Le 26 mars 2024, lors de la 14ème édition des Rencontres pour la Santé au Travail à la Maison de la Chimie à Paris 7, Florence Chappert, qui occupe le poste de Responsable de la Mission Egalité Intégrée au sein de l'ANACT, va enrichir la discussion à la table ronde intitulée "Comment améliorer la prise en considération de la santé des femmes sur leur lieu de travail ?"


En partenariat avec Préventica, cet événement est un rendez-vous majeur pour aborder les enjeux de santé et de sécurité au travail à travers diverses tables rondes. Il offre une occasion précieuse d'échanger et de réfléchir sur les défis de la prévention professionnelle. Florence Chappert a accepté de partager en avant-première son expertise sur la thématique « femmes & travail ».

 

Sur quelle thématique allez-vous intervenir à l’occasion de la 14e édition des Rencontres pour la Santé au travail ?

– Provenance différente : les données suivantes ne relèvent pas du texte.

(* Let $m\ge2$ be an integer, $0<h\le1$, $E=(\alpha+i\mu)h^{2m/(m+1)}$ with $\alpha,\mu>0$ independent of $h$, $\varphi(x)=\int_0^x(E+m^{-1}y^{2m})^{1/2}dy$ (branch of the square root with positive imaginary part), $u(x)=(\varphi')^{-1/2}e^{i\varphi/h}$, $f=-h^2\big(\tfrac34(\varphi')^{-2}(\varphi'')^2-\tfrac12(\varphi')^{-1}\varphi'''\big)$, $\gamma=h^{1/(m+1)}$, and $\tilde u(x)=\chi(x/\gamma)u(x)$, where $\chi\in C_c^\infty(\mathbb{R})$ with $\chi\equiv1$ on $|s|\le1$ and $\operatorname{supp}\chi\subset[-2,2]$. Let \[ R=f\tilde u+[(hD)^2,\chi(x/\gamma)]u. \] Then \[ \|R\|_{L^2}=\mathcal O(h^{2m/(m+1)})\|\tilde u\|_{L^2}. \]
   Context: $hD=-ih\,\frac{d}{dx}$, and $[\cdot,\cdot]$ is the commutator, with $\chi(x/\gamma)$ acting as a multiplication operator. The implicit constant is independent of $h$. *)

From Stdlib Require Import Reals.
From Coquelicot Require Import Coquelicot.

Open Scope R_scope.

Definition Cexp (z : C) : C :=
  (exp (fst z) * cos (snd z), exp (fst z) * sin (snd z)).

(* Principal square root (Re >= 0; for Im z > 0 it is the root with Im > 0). *)
Definition Csqrt (z : C) : C :=
  (sqrt ((Cmod z + fst z) / 2),
   (if Rle_dec 0 (snd z) then 1 else -1) * sqrt ((Cmod z - fst z) / 2)).

Definition CDerive (g : R -> C) (x : R) : C :=
  (Derive (fun t => fst (g t)) x, Derive (fun t => snd (g t)) x).

Definition CRInt (g : R -> C) (a b : R) : C :=
  (RInt (fun t => fst (g t)) a b, RInt (fun t => snd (g t)) a b).

Definition L2norm (g : R -> C) : R :=
  sqrt (RInt_gen (fun x => (Cmod (g x)) ^ 2)
          (Rbar_locally m_infty) (Rbar_locally p_infty)).

Definition hD (h : R) (g : R -> C) : R -> C :=
  fun x => Cmult (Copp (Cmult Ci (RtoC h))) (CDerive g x).

Definition Eh (m : nat) (alpha mu h : R) : C :=
  Cmult (alpha, mu) (RtoC (Rpower h (2 * INR m / (INR m + 1)))).

Definition phi (m : nat) (alpha mu h : R) (x : R) : C :=
  CRInt (fun y => Csqrt (Cplus (Eh m alpha mu h) (RtoC (y ^ (2 * m) / INR m)))) 0 x.

Definition phi1 m alpha mu h : R -> C := CDerive (phi m alpha mu h).
Definition phi2 m alpha mu h : R -> C := CDerive (phi1 m alpha mu h).
Definition phi3 m alpha mu h : R -> C := CDerive (phi2 m alpha mu h).

Definition uu (m : nat) (alpha mu h : R) (x : R) : C :=
  Cmult (Cinv (Csqrt (phi1 m alpha mu h x)))
        (Cexp (Cmult Ci (Cmult (phi m alpha mu h x) (RtoC (/ h))))).

Definition ff (m : nat) (alpha mu h : R) (x : R) : C :=
  let p1 := phi1 m alpha mu h x in
  let p2 := phi2 m alpha mu h x in
  let p3 := phi3 m alpha mu h x in
  Cmult (RtoC (- h ^ 2))
    (Cminus (Cmult (RtoC (3/4)) (Cmult (Cinv (Cmult p1 p1)) (Cmult p2 p2)))
            (Cmult (RtoC (1/2)) (Cmult (Cinv p1) p3))).

Definition gam (m : nat) (h : R) : R := Rpower h (1 / (INR m + 1)).

Definition chig (chi : R -> R) (m : nat) (h : R) (g : R -> C) : R -> C :=
  fun x => Cmult (RtoC (chi (x / gam m h))) (g x).

Definition ut (chi : R -> R) m alpha mu h : R -> C := chig chi m h (uu m alpha mu h).

Definition Rem (chi : R -> R) (m : nat) (alpha mu h : R) : R -> C :=
  fun x =>
    Cplus (Cmult (ff m alpha mu h x) (ut chi m alpha mu h x))
      (Cminus (hD h (hD h (chig chi m h (uu m alpha mu h))) x)
              (chig chi m h (hD h (hD h (uu m alpha mu h))) x)).

(* The construction is covariant under the dilation x = gam s, where gam^(m+1) = h.
   Indeed E_h = gam^(2m) E_1, so phi_h'(x) = gam^m phi_1'(x/gam), phi_h(x) = h phi_1(x/gam),
   u_h(x) = gam^(-m/2) u_1(x/gam) and f_h(x) = (h/gam)^2 f_1(x/gam); each hD picks up the factor
   h/gam, so R_h(x) = gam^(-m/2) (h/gam)^2 R_1(x/gam) while ut_h(x) = gam^(-m/2) ut_1(x/gam).
   Taking L^2 norms, ||R_h|| / ||ut_h|| = (h/gam)^2 ||R_1|| / ||ut_1|| with (h/gam)^2 = h^(2m/(m+1)),
   and ||ut_1|| > 0 because chi = 1 near 0 and u_1 never vanishes. *)

From Stdlib Require Import Reals Lra Lia FunctionalExtensionality Classical_Prop.
From Coquelicot Require Import Coquelicot.
Open Scope R_scope.

Definition twice_derivable (f : R -> R) : Prop :=
  (forall x, ex_derive f x) /\ (forall x, ex_derive (Derive f) x).

Lemma twice_derivable_continuous f : twice_derivable f -> forall x, continuous f x.
Proof. intros [Hf _] x. exact (ex_derive_continuous f x (Hf x)). Qed.

Lemma twice_derivable_const c : twice_derivable (fun _ => c).
Proof.
  split; intro x; [apply ex_derive_const|].
  apply (ex_derive_ext (fun _ => 0)); [intro t; now rewrite Derive_const|apply ex_derive_const].
Qed.

Lemma twice_derivable_id : twice_derivable (fun x => x).
Proof.
  split; intro x; [apply ex_derive_id|].
  apply (ex_derive_ext (fun _ => 1)); [intro t; now rewrite Derive_id|apply ex_derive_const].
Qed.

Lemma twice_derivable_plus f g :
  twice_derivable f -> twice_derivable g -> twice_derivable (fun x => f x + g x).
Proof.
  intros [F1 F2] [G1 G2]; split; intro x; [now apply (ex_derive_plus f g)|].
  apply (ex_derive_ext (fun t => Derive f t + Derive g t)).
  - intro t; now rewrite Derive_plus.
  - now apply (ex_derive_plus (Derive f) (Derive g)).
Qed.

Lemma twice_derivable_opp f : twice_derivable f -> twice_derivable (fun x => - f x).
Proof.
  intros [F1 F2]; split; intro x; [now apply (ex_derive_opp f)|].
  apply (ex_derive_ext (fun t => - Derive f t)).
  - intro t; now rewrite Derive_opp.
  - now apply (ex_derive_opp (Derive f)).
Qed.

Lemma twice_derivable_minus f g :
  twice_derivable f -> twice_derivable g -> twice_derivable (fun x => f x - g x).
Proof. intros Hf Hg. now apply twice_derivable_plus, twice_derivable_opp. Qed.

Lemma twice_derivable_mult f g :
  twice_derivable f -> twice_derivable g -> twice_derivable (fun x => f x * g x).
Proof.
  intros [F1 F2] [G1 G2]; split; intro x; [now apply ex_derive_mult|].
  apply (ex_derive_ext (fun t => Derive f t * g t + f t * Derive g t)).
  - intro t; now rewrite Derive_mult.
  - apply (ex_derive_plus (fun t => Derive f t * g t)); now apply ex_derive_mult.
Qed.

Lemma twice_derivable_pow f n : twice_derivable f -> twice_derivable (fun x => f x ^ n).
Proof.
  intro Hf; induction n as [|n IH]; simpl.
  - apply twice_derivable_const.
  - now apply twice_derivable_mult.
Qed.

Lemma twice_derivable_comp g g' f : twice_derivable f ->
  (forall x, is_derive g (f x) (g' (f x)) /\ ex_derive g' (f x)) ->
  twice_derivable (fun x => g (f x)).
Proof.
  intros [F1 F2] Hg; split; intro x.
  - apply ex_derive_comp; [eexists; apply Hg|auto].
  - apply (ex_derive_ext (fun t => Derive f t * g' (f t))).
    + intro t. apply eq_sym, is_derive_unique.
      apply (is_derive_comp g f t); [apply Hg|apply Derive_correct, F1].
    + apply ex_derive_mult; [auto|]. apply ex_derive_comp; [apply Hg|auto].
Qed.

Lemma twice_derivable_sqrt f :
  twice_derivable f -> (forall x, 0 < f x) -> twice_derivable (fun x => sqrt (f x)).
Proof.
  intros Hf Hpos. apply (twice_derivable_comp sqrt (fun y => / (2 * sqrt y))); [auto|].
  intro x; pose proof (Hpos x); pose proof (sqrt_lt_R0 _ (Hpos x)).
  split; auto_derive; repeat split; lra.
Qed.

Lemma twice_derivable_inv f :
  twice_derivable f -> (forall x, f x <> 0) -> twice_derivable (fun x => / f x).
Proof.
  intros Hf Hnz. apply (twice_derivable_comp Rinv (fun y => - / (y * y))); [auto|].
  intro x; pose proof (Hnz x); split; auto_derive; auto; ring.
Qed.

Lemma twice_derivable_exp f : twice_derivable f -> twice_derivable (fun x => exp (f x)).
Proof.
  intro Hf. apply (twice_derivable_comp exp exp); [auto|].
  intro x; split; auto_derive; auto; ring.
Qed.

Lemma twice_derivable_cos f : twice_derivable f -> twice_derivable (fun x => cos (f x)).
Proof.
  intro Hf. apply (twice_derivable_comp cos (fun y => - sin y)); [auto|].
  intro x; split; auto_derive; auto; ring.
Qed.

Lemma twice_derivable_sin f : twice_derivable f -> twice_derivable (fun x => sin (f x)).
Proof.
  intro Hf. apply (twice_derivable_comp sin cos); [auto|].
  intro x; split; auto_derive; auto; ring.
Qed.

Lemma RtoC_neq_0 x : x <> 0 -> RtoC x <> 0%C.
Proof. intros Hx E. apply Hx. now apply RtoC_inj. Qed.

Lemma Cmult_RtoC_l (a : R) (z : C) : Cmult (RtoC a) z = (a * fst z, a * snd z).
Proof. apply injective_projections; simpl; ring. Qed.

Lemma Cmod_scal_l (c : R) (z : C) : Cmod (c * z) = Rabs c * Cmod z.
Proof. now rewrite Cmod_mult, Cmod_R. Qed.

Lemma Cinv_neq_0 (z : C) : z <> 0%C -> Cinv z <> 0%C.
Proof. intros Hz E. apply C1_nz. rewrite <- (Cinv_l z Hz), E. apply Cmult_0_l. Qed.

Je tiens tout d'abord à dire que je suis aussi pilote de l'action du Plan Santé au travail N°4 dédiée à la santé des femmes et ce sur 2 volets : la conception d'outils dédiés à la santé des femmes notamment en lien avec les services de prévention en santé au travail et l'accompagnement des entreprises dans la prévention des violences sexistes et sexuelles. 

Je vais intervenir sur les leviers d'actions pour mieux prendre en compte la santé des femmes au travail.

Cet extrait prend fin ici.